Dataset:
..............................

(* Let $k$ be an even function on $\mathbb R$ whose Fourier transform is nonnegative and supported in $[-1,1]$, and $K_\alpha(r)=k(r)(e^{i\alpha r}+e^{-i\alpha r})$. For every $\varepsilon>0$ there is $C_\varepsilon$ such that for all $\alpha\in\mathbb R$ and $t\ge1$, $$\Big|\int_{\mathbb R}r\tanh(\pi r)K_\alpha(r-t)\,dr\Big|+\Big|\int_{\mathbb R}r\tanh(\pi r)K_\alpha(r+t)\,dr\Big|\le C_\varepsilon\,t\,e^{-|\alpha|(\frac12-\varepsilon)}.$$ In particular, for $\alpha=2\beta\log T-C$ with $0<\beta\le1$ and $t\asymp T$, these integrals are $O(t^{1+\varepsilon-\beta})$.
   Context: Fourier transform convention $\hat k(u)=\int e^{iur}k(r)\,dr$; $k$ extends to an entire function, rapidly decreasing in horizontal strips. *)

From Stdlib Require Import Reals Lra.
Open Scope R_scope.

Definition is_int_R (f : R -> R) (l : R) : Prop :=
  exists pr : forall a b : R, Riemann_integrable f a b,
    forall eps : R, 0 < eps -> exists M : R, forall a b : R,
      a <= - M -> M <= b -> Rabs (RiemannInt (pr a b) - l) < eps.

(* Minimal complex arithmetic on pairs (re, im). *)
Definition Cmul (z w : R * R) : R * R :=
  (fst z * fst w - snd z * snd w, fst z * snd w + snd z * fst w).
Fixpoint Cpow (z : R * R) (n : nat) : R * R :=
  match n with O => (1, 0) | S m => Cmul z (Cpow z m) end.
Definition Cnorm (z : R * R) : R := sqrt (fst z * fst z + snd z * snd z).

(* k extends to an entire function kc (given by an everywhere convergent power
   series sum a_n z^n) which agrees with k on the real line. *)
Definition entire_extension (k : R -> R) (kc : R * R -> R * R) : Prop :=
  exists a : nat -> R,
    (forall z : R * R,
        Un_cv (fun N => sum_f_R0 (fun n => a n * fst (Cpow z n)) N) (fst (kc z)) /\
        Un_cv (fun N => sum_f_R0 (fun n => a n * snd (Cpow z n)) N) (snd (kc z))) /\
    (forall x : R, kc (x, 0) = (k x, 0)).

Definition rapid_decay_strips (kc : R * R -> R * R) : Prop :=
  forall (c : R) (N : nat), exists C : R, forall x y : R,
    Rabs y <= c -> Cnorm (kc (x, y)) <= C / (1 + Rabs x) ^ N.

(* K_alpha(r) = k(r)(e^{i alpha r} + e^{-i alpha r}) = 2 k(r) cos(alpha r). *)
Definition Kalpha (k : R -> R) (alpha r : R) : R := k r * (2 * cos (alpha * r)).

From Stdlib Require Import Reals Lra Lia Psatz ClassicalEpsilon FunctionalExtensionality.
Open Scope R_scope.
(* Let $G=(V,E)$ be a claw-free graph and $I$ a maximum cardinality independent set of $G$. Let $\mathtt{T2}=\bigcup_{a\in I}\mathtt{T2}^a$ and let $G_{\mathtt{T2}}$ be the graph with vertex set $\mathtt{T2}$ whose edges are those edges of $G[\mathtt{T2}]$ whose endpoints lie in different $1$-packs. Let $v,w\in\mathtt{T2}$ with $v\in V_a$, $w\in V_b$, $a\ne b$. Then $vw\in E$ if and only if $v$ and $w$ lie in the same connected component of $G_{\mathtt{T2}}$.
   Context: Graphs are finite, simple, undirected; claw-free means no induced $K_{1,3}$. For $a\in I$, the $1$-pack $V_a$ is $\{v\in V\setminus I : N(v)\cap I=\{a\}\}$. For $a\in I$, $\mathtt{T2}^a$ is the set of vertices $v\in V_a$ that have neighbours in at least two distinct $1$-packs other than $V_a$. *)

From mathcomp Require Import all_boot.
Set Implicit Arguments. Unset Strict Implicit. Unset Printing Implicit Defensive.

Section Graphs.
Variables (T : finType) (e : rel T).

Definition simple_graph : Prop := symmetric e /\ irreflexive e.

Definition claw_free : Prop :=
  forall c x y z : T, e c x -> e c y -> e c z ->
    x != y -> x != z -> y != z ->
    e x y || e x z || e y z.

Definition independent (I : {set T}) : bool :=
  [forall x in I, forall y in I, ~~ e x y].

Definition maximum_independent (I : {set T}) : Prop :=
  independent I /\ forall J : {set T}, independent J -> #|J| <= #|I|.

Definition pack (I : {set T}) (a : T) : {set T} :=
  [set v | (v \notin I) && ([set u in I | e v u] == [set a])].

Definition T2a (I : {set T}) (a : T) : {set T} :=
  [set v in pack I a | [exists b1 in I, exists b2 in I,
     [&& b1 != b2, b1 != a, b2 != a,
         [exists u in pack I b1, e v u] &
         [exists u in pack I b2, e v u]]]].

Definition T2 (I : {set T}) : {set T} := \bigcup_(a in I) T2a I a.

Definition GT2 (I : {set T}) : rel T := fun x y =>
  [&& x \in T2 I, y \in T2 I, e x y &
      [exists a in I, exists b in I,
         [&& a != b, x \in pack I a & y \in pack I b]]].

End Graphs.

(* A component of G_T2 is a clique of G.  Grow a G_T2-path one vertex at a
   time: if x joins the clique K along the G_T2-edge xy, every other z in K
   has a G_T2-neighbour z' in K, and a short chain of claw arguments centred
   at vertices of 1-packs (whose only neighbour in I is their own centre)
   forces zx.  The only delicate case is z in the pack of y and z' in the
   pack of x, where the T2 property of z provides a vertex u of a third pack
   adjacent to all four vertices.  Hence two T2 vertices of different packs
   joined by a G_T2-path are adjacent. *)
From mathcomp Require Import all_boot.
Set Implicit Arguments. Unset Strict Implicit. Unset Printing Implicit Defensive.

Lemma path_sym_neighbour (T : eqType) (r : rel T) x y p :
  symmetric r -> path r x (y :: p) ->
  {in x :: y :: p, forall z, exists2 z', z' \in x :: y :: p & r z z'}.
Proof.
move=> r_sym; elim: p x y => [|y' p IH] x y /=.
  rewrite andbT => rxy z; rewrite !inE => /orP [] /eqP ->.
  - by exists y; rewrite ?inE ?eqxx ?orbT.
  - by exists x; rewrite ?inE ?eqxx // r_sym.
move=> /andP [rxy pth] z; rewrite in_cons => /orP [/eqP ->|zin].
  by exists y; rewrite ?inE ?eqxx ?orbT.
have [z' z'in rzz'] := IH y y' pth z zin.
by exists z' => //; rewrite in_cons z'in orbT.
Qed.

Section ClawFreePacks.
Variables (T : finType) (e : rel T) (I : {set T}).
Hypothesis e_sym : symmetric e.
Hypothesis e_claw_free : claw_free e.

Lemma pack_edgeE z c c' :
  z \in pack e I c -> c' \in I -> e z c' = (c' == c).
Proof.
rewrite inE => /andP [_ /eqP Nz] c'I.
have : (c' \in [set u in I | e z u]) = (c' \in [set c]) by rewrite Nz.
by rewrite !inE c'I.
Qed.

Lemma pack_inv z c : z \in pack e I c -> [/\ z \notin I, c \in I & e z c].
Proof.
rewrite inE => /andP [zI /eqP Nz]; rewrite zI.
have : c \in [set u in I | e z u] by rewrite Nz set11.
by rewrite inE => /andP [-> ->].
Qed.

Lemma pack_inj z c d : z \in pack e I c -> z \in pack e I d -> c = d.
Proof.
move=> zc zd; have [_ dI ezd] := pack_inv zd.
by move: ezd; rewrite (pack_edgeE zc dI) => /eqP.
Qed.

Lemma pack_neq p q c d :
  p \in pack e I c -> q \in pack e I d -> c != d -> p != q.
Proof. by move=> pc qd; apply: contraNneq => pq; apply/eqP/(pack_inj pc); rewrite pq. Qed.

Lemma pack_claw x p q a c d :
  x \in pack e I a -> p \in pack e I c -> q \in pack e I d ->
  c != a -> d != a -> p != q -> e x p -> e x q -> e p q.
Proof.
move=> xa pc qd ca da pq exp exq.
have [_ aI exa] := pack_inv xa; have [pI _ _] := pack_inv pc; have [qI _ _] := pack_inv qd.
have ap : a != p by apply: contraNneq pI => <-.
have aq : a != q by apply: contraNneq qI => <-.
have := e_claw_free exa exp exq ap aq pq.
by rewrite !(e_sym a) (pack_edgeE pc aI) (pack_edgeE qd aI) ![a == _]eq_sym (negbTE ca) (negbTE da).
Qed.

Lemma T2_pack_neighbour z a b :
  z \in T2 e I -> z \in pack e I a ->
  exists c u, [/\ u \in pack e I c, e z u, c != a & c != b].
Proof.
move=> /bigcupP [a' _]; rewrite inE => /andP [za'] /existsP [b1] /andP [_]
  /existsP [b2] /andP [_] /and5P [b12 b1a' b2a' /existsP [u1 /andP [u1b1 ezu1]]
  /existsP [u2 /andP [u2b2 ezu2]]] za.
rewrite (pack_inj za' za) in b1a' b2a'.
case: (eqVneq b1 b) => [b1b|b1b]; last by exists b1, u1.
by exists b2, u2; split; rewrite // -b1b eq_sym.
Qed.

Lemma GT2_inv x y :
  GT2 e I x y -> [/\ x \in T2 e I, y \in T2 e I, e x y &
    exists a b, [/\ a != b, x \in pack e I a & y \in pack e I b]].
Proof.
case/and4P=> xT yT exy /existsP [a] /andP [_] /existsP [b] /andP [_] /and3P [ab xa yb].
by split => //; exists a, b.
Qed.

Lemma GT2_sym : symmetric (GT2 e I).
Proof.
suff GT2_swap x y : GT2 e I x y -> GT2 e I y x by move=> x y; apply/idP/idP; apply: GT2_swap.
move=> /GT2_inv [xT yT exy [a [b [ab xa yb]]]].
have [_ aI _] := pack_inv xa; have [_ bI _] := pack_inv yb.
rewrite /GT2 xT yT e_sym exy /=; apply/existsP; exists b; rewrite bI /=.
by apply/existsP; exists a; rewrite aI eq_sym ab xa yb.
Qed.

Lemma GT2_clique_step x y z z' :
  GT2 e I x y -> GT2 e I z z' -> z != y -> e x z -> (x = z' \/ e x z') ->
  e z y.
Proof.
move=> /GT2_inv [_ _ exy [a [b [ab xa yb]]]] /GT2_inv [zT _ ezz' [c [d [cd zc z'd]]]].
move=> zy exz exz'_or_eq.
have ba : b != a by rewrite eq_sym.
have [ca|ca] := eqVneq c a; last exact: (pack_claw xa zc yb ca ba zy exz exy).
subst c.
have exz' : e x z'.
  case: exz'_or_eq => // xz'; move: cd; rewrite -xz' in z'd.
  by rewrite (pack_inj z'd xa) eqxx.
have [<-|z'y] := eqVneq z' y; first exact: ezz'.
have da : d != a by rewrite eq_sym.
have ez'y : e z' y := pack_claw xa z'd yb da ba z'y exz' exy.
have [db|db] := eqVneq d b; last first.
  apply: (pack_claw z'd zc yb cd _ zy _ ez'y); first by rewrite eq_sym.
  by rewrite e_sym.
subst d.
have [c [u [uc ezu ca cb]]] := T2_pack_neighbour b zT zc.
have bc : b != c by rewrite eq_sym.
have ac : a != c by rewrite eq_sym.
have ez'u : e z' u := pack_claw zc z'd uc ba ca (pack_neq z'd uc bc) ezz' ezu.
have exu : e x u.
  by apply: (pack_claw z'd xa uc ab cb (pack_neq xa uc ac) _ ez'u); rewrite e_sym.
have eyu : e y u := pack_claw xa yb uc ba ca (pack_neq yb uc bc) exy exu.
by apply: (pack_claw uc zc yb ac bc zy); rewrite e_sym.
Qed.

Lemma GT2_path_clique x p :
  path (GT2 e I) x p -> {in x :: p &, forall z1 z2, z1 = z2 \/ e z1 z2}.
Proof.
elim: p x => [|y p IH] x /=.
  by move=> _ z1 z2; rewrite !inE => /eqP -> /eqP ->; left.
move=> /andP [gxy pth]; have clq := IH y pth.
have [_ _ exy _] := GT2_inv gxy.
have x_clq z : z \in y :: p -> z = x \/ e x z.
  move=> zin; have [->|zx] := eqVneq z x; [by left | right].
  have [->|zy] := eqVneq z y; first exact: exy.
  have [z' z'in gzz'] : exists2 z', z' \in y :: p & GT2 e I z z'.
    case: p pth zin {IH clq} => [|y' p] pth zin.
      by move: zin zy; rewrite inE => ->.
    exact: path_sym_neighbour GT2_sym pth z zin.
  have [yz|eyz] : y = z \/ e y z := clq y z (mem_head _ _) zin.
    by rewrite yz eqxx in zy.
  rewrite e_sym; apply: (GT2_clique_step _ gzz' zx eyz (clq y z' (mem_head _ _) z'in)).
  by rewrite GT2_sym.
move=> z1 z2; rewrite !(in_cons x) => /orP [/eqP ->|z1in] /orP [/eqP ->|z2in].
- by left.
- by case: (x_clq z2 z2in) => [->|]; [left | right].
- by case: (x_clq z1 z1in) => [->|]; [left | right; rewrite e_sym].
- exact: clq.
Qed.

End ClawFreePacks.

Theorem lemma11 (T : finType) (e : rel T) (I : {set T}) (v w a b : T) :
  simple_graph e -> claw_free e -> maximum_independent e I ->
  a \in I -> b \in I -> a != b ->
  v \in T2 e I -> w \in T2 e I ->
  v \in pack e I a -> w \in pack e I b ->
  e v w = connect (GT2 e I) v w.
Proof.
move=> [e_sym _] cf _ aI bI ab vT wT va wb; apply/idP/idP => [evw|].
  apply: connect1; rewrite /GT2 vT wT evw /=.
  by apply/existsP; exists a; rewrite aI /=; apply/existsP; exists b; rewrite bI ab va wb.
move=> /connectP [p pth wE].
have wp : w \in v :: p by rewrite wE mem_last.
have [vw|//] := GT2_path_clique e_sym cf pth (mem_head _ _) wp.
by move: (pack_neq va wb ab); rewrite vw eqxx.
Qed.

..............................

Assignment: A single number is the whole answer: how many lines of the records contain the word "Require".

Response: 4